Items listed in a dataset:
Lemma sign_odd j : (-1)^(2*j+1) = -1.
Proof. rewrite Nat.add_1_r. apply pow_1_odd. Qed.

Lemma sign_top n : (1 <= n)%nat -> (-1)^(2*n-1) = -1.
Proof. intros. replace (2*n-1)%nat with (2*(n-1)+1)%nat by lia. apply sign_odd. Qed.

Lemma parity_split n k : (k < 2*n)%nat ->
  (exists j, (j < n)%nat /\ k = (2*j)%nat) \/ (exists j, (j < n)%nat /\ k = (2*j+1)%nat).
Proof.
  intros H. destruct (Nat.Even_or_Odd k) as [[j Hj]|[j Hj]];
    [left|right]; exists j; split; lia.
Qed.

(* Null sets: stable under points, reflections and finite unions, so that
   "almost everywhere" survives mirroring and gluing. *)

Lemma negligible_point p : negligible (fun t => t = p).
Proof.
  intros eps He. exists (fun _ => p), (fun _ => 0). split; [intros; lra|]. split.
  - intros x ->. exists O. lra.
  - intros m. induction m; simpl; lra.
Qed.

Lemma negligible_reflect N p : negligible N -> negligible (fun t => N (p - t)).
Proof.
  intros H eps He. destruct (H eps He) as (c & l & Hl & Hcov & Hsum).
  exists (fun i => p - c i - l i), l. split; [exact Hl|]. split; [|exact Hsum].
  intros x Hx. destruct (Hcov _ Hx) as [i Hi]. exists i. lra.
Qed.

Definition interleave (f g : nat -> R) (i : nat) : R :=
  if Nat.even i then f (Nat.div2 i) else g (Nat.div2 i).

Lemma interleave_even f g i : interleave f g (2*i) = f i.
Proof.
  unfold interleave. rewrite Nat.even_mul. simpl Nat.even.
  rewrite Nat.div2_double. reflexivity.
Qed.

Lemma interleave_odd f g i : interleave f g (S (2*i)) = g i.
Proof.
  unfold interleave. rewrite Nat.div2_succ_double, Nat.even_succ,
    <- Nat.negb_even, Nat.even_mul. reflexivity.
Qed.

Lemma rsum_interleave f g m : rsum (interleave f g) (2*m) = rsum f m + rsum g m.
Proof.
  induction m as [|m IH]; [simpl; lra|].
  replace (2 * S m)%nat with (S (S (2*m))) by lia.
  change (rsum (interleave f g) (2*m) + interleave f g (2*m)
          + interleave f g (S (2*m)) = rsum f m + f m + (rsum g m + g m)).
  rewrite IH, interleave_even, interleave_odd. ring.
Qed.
==
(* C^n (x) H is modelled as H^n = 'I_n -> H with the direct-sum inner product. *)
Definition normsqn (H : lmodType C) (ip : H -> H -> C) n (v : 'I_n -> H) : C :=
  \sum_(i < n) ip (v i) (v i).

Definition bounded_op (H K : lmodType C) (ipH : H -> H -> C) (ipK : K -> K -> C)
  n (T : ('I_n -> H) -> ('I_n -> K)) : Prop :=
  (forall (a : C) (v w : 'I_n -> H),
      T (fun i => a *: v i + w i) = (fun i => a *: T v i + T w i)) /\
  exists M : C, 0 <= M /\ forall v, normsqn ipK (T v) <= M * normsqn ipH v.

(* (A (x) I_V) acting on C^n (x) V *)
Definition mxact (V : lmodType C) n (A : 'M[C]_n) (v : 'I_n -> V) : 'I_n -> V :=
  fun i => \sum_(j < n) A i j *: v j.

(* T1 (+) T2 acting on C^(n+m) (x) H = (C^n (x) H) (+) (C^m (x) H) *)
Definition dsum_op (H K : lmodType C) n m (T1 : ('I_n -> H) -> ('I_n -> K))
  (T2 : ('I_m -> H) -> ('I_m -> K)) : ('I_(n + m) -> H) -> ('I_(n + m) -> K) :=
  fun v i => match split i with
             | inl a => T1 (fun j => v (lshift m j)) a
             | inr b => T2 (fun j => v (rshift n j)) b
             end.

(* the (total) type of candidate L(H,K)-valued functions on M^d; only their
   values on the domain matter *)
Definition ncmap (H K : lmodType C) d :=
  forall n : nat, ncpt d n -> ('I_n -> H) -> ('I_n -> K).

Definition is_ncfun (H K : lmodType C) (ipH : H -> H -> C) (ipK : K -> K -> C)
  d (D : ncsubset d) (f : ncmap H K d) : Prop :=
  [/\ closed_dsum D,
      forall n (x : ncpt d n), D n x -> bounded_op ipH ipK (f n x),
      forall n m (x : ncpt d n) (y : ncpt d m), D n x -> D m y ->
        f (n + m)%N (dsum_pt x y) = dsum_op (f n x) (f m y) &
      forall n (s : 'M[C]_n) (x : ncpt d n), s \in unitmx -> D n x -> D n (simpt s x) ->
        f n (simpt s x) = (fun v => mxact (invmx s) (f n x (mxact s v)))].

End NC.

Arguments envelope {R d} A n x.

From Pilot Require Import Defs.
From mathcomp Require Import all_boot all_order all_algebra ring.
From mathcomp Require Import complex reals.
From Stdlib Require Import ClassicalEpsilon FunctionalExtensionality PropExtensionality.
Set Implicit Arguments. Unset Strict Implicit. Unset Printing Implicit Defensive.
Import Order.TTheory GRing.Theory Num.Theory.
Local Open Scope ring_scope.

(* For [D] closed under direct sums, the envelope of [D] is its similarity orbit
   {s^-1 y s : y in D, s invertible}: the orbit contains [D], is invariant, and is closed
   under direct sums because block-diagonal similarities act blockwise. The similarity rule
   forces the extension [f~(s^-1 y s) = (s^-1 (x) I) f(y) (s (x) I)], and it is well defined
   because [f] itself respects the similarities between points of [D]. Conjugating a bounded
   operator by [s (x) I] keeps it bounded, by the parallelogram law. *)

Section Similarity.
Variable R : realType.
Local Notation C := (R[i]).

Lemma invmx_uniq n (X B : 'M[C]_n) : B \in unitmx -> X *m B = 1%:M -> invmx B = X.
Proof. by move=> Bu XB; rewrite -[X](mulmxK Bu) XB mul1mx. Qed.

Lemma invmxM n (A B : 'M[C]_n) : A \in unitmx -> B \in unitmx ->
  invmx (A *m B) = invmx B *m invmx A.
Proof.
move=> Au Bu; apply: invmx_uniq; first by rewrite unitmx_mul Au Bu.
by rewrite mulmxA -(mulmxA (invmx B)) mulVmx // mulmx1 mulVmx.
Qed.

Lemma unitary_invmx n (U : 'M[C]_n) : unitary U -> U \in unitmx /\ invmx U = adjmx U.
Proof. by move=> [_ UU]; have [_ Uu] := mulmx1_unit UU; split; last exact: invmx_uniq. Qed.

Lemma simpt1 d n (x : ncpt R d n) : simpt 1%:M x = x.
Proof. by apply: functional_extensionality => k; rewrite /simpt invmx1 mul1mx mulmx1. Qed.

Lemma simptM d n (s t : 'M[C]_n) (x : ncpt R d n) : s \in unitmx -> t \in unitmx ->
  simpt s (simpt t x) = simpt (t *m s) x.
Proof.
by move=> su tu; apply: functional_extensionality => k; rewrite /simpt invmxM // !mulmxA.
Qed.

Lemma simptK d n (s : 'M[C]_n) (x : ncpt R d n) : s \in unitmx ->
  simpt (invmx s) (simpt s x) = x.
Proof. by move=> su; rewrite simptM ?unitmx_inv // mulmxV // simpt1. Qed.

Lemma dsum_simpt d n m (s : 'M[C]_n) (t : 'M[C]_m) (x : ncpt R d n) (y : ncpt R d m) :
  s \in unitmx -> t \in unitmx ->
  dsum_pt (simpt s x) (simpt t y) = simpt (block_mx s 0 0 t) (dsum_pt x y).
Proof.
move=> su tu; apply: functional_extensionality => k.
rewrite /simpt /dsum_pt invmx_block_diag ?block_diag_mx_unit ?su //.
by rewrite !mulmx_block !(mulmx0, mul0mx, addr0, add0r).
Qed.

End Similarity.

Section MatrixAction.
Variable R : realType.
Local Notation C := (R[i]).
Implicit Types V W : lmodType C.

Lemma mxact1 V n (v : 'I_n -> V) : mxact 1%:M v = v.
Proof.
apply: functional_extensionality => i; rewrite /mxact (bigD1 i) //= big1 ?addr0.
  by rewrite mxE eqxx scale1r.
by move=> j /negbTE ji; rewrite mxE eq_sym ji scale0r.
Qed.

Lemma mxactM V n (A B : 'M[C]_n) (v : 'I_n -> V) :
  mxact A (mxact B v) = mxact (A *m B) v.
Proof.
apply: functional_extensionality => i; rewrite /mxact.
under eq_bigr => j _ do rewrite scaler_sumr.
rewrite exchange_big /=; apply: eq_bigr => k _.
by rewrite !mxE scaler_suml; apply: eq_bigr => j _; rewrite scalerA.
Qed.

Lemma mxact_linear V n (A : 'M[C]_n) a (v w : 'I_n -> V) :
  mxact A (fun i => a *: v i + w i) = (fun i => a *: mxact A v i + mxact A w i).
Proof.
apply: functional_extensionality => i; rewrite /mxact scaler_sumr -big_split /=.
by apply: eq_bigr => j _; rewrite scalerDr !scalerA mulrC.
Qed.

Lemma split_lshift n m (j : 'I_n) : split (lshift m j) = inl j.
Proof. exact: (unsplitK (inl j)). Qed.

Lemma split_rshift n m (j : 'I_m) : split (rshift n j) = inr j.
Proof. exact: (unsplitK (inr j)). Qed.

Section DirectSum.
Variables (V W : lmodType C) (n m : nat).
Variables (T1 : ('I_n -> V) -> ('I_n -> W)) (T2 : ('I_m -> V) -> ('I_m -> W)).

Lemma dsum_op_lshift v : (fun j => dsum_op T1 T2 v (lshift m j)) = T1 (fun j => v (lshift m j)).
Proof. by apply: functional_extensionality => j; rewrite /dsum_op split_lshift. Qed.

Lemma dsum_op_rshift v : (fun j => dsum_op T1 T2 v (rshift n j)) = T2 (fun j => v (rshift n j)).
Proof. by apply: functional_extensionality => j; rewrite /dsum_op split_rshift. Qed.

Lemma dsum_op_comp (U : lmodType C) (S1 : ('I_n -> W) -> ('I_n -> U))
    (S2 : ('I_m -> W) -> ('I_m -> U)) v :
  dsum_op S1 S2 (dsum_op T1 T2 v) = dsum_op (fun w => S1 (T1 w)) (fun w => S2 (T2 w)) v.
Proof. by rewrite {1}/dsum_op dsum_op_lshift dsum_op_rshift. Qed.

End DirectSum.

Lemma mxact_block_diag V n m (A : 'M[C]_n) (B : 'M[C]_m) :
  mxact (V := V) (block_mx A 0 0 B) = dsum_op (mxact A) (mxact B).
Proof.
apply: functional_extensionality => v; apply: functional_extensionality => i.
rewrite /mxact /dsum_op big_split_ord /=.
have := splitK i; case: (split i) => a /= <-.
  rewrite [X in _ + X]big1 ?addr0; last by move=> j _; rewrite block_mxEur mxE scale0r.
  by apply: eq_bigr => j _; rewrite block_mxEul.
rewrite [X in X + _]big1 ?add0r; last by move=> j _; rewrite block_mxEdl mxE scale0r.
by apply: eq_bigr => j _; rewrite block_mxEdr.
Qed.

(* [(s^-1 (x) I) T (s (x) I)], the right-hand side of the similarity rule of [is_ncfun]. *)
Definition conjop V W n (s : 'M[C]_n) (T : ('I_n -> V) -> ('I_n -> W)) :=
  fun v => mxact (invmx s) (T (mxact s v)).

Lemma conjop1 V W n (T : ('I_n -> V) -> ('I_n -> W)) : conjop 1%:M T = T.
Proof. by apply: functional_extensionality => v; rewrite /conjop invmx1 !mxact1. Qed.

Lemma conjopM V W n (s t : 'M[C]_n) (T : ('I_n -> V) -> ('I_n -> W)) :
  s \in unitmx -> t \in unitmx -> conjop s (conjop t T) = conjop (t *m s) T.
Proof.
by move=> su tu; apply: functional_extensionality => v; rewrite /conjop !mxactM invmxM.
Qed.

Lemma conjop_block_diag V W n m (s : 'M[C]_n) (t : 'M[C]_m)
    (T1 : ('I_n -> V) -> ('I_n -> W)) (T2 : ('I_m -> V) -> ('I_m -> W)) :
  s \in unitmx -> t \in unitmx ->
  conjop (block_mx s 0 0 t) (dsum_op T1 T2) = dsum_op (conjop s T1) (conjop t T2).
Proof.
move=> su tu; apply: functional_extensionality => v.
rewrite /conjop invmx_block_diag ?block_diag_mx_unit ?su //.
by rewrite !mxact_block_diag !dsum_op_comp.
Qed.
--
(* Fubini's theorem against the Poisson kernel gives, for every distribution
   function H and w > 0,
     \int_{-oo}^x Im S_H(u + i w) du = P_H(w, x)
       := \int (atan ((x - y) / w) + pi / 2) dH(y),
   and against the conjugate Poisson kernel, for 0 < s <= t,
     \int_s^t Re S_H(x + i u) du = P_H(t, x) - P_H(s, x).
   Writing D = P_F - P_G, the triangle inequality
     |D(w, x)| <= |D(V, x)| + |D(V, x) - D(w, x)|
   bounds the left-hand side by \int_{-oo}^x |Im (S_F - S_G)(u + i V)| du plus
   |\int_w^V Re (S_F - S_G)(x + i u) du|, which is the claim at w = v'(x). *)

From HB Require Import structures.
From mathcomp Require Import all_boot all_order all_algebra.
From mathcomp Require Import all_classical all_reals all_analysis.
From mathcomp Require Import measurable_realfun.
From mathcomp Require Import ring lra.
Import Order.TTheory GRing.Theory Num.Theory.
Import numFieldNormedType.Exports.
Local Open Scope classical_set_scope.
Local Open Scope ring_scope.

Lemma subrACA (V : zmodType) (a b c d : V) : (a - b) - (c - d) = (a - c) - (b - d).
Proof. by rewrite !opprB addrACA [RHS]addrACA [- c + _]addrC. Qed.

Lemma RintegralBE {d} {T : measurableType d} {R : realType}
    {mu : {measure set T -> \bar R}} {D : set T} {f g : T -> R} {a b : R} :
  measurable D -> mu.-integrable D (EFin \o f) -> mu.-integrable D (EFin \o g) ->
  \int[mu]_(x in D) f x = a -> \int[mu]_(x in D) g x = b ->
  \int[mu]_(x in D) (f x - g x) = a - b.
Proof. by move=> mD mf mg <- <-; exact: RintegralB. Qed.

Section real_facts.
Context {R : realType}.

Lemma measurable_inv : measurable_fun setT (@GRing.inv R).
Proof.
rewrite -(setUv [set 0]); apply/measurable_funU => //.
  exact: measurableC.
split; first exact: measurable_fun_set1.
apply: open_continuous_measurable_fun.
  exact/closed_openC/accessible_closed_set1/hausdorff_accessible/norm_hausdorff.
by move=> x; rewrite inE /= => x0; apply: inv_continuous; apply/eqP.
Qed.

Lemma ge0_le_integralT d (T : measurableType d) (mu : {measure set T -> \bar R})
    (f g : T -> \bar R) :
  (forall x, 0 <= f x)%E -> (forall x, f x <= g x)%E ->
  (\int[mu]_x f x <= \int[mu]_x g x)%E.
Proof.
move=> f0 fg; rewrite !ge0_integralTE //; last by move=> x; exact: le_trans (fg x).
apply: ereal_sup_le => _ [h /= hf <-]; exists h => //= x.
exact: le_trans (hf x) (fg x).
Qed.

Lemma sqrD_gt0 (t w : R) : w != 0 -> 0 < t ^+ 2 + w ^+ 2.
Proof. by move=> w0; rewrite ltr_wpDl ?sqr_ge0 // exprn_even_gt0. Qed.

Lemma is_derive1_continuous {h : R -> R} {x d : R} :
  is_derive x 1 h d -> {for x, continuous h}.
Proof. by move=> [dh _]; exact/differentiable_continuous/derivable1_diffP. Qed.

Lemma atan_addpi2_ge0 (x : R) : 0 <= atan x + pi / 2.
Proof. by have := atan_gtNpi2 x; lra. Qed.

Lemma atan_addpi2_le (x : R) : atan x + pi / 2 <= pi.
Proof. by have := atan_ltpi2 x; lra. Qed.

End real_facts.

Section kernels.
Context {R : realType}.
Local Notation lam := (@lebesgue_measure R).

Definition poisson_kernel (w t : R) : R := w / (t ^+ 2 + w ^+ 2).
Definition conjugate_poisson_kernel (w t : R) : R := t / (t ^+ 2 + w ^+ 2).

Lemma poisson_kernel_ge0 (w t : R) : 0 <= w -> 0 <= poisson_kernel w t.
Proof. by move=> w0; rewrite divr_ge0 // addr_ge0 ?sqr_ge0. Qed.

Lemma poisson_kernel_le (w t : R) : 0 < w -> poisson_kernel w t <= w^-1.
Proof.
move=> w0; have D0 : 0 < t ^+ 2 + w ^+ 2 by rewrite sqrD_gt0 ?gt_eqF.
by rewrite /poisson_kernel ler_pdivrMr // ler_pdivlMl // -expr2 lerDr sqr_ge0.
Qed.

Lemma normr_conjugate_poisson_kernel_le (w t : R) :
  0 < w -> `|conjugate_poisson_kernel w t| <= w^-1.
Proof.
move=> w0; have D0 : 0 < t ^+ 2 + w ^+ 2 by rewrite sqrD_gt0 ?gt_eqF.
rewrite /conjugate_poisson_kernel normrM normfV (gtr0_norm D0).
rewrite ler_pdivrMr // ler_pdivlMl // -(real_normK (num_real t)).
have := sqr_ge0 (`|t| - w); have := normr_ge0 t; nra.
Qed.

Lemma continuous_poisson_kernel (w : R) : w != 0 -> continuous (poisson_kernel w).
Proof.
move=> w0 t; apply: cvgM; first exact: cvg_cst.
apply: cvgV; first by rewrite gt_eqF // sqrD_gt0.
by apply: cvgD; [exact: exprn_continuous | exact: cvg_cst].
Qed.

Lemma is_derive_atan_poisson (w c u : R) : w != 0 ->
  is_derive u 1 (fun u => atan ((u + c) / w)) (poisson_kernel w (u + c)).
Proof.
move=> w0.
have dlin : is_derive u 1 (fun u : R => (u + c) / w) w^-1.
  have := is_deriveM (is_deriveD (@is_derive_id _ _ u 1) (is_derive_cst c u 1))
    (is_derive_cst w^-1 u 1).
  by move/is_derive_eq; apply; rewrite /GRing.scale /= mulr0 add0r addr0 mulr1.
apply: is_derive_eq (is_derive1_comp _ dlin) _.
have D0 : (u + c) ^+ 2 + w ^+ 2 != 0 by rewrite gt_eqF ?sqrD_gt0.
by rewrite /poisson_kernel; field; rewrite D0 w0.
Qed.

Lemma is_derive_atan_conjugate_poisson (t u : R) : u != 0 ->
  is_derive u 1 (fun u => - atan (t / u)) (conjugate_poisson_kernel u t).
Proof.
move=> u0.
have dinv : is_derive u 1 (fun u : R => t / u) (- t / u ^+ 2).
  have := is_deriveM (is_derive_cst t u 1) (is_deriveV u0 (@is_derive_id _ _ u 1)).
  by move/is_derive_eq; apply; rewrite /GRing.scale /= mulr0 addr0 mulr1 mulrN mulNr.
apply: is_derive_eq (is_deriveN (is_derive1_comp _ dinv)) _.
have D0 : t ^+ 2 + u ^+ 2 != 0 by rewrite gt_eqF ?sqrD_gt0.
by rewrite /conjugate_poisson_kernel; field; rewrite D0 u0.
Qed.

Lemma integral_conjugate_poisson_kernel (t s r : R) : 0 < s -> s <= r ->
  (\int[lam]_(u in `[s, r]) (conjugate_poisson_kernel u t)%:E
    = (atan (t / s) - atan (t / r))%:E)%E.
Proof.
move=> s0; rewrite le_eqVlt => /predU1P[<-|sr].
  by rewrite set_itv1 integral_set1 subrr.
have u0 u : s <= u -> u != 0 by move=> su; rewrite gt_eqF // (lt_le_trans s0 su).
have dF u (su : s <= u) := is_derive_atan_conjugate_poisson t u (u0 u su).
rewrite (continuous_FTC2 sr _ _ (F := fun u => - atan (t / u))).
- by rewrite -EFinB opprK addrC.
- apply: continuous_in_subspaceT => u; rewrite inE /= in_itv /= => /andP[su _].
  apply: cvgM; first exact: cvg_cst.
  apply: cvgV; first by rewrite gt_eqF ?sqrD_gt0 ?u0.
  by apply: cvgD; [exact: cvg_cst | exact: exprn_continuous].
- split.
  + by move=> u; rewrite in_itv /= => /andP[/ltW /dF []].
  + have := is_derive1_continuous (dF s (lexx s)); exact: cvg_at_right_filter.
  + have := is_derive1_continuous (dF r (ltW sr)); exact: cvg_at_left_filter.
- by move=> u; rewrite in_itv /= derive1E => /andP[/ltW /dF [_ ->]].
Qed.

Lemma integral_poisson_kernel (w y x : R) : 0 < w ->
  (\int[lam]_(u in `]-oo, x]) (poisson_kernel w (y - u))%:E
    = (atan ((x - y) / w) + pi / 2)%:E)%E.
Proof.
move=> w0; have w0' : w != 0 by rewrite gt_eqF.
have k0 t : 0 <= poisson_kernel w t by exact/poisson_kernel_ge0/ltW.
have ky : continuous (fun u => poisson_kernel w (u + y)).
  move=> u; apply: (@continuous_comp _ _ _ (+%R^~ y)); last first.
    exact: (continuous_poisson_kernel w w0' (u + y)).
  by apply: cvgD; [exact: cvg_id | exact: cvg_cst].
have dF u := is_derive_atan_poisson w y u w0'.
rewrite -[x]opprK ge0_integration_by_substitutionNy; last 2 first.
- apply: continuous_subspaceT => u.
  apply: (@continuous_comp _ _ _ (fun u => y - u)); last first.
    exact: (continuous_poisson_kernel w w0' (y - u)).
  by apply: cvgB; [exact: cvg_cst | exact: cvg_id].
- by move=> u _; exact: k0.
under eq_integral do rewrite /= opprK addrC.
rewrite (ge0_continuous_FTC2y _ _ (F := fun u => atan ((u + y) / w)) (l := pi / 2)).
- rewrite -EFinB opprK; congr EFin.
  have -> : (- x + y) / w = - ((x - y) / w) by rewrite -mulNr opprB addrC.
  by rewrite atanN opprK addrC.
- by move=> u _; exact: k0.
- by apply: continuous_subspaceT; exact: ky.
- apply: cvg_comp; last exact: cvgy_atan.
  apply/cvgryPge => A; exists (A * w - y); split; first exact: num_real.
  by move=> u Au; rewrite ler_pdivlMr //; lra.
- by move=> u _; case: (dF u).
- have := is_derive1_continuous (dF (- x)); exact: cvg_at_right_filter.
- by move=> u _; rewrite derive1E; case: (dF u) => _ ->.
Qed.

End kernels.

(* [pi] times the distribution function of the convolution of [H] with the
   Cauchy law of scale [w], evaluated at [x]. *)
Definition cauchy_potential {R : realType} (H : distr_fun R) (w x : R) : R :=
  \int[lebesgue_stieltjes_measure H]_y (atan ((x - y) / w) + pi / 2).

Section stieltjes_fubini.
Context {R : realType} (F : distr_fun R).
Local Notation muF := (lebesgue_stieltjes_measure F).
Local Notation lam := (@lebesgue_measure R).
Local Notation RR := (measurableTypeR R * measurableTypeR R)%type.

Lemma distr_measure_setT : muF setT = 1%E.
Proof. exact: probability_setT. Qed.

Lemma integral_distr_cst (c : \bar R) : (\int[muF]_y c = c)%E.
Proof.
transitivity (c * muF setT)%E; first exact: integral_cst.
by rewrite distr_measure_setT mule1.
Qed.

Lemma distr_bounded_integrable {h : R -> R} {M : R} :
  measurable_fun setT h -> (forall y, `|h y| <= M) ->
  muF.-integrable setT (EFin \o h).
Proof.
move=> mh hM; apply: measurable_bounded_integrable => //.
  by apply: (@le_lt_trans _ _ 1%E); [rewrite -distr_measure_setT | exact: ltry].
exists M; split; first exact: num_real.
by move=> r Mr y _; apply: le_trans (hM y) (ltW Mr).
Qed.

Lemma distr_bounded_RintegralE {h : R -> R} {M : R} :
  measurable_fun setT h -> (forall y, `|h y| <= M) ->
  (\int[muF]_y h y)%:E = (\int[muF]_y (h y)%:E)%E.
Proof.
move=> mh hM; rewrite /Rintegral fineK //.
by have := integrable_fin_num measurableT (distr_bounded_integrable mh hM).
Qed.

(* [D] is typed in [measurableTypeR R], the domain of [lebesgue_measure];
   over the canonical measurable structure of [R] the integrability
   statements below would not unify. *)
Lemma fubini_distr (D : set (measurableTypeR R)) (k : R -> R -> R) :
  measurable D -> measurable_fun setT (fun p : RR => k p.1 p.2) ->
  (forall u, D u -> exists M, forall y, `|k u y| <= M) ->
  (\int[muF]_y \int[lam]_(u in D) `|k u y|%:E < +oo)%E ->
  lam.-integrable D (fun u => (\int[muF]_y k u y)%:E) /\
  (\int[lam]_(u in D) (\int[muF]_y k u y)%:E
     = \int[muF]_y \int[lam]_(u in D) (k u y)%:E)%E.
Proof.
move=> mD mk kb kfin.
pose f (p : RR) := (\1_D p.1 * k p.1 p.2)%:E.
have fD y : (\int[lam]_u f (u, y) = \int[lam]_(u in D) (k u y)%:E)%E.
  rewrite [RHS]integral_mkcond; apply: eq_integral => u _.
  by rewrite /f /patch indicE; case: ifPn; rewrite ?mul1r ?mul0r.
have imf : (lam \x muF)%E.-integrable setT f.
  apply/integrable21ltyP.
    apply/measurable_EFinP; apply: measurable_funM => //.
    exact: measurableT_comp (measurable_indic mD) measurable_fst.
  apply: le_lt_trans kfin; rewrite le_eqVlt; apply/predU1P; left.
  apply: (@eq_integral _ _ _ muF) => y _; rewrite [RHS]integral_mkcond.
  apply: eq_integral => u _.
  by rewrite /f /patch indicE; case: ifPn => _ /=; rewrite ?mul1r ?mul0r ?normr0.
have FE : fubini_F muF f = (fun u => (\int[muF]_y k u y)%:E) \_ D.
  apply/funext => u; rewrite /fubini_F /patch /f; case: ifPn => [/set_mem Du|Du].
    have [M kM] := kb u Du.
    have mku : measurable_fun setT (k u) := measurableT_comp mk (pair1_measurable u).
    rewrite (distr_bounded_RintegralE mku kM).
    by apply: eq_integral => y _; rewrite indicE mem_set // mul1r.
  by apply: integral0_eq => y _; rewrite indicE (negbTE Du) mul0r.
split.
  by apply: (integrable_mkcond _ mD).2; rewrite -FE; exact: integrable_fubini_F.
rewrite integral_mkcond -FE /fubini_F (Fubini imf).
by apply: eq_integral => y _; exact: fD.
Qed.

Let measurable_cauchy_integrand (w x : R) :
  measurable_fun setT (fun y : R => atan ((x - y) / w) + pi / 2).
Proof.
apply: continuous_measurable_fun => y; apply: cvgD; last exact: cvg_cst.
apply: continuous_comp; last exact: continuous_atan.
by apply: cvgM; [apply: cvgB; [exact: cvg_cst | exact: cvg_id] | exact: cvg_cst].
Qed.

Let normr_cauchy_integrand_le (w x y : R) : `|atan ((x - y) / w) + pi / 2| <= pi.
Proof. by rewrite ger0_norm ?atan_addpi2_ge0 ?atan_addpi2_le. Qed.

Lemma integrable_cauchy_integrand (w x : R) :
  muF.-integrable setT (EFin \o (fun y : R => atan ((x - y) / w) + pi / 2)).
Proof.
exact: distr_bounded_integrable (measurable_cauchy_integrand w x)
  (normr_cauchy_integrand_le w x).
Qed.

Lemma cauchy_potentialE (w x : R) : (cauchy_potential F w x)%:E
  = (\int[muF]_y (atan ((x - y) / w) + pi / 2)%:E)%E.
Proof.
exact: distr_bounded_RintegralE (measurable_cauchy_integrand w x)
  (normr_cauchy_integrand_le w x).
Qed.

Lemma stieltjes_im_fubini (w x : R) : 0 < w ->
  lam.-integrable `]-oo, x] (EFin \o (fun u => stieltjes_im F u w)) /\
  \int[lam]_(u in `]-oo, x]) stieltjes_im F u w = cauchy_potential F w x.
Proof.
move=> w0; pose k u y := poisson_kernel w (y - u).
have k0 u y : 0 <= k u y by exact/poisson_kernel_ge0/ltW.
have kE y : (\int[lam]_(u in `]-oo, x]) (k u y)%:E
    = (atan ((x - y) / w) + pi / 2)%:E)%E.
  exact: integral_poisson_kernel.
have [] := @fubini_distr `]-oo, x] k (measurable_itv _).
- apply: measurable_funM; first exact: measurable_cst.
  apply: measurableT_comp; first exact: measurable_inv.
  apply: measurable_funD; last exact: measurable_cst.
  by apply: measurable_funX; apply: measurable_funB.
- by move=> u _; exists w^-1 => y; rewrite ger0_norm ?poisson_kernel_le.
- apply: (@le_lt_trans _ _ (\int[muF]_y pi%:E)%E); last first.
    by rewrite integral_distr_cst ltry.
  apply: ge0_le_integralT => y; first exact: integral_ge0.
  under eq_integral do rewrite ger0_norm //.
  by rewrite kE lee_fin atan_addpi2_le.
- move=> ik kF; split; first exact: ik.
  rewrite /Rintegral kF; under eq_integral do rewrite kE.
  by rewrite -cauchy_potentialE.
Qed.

## TASK BRIEF
Among the records above, a stretch begins at the line containing "rewrite /mxact /dsum_op big_split_ord /=." and ends at the line containing "Definition conjop V". Restate that stretch word for word, and nothing else.

## RESPONSE BELOW
rewrite /mxact /dsum_op big_split_ord /=.
have := splitK i; case: (split i) => a /= <-.
  rewrite [X in _ + X]big1 ?addr0; last by move=> j _; rewrite block_mxEur mxE scale0r.
  by apply: eq_bigr => j _; rewrite block_mxEul.
rewrite [X in X + _]big1 ?add0r; last by move=> j _; rewrite block_mxEdl mxE scale0r.
by apply: eq_bigr => j _; rewrite block_mxEdr.
Qed.

(* [(s^-1 (x) I) T (s (x) I)], the right-hand side of the similarity rule of [is_ncfun]. *)
Definition conjop V W n (s : 'M[C]_n) (T : ('I_n -> V) -> ('I_n -> W)) :=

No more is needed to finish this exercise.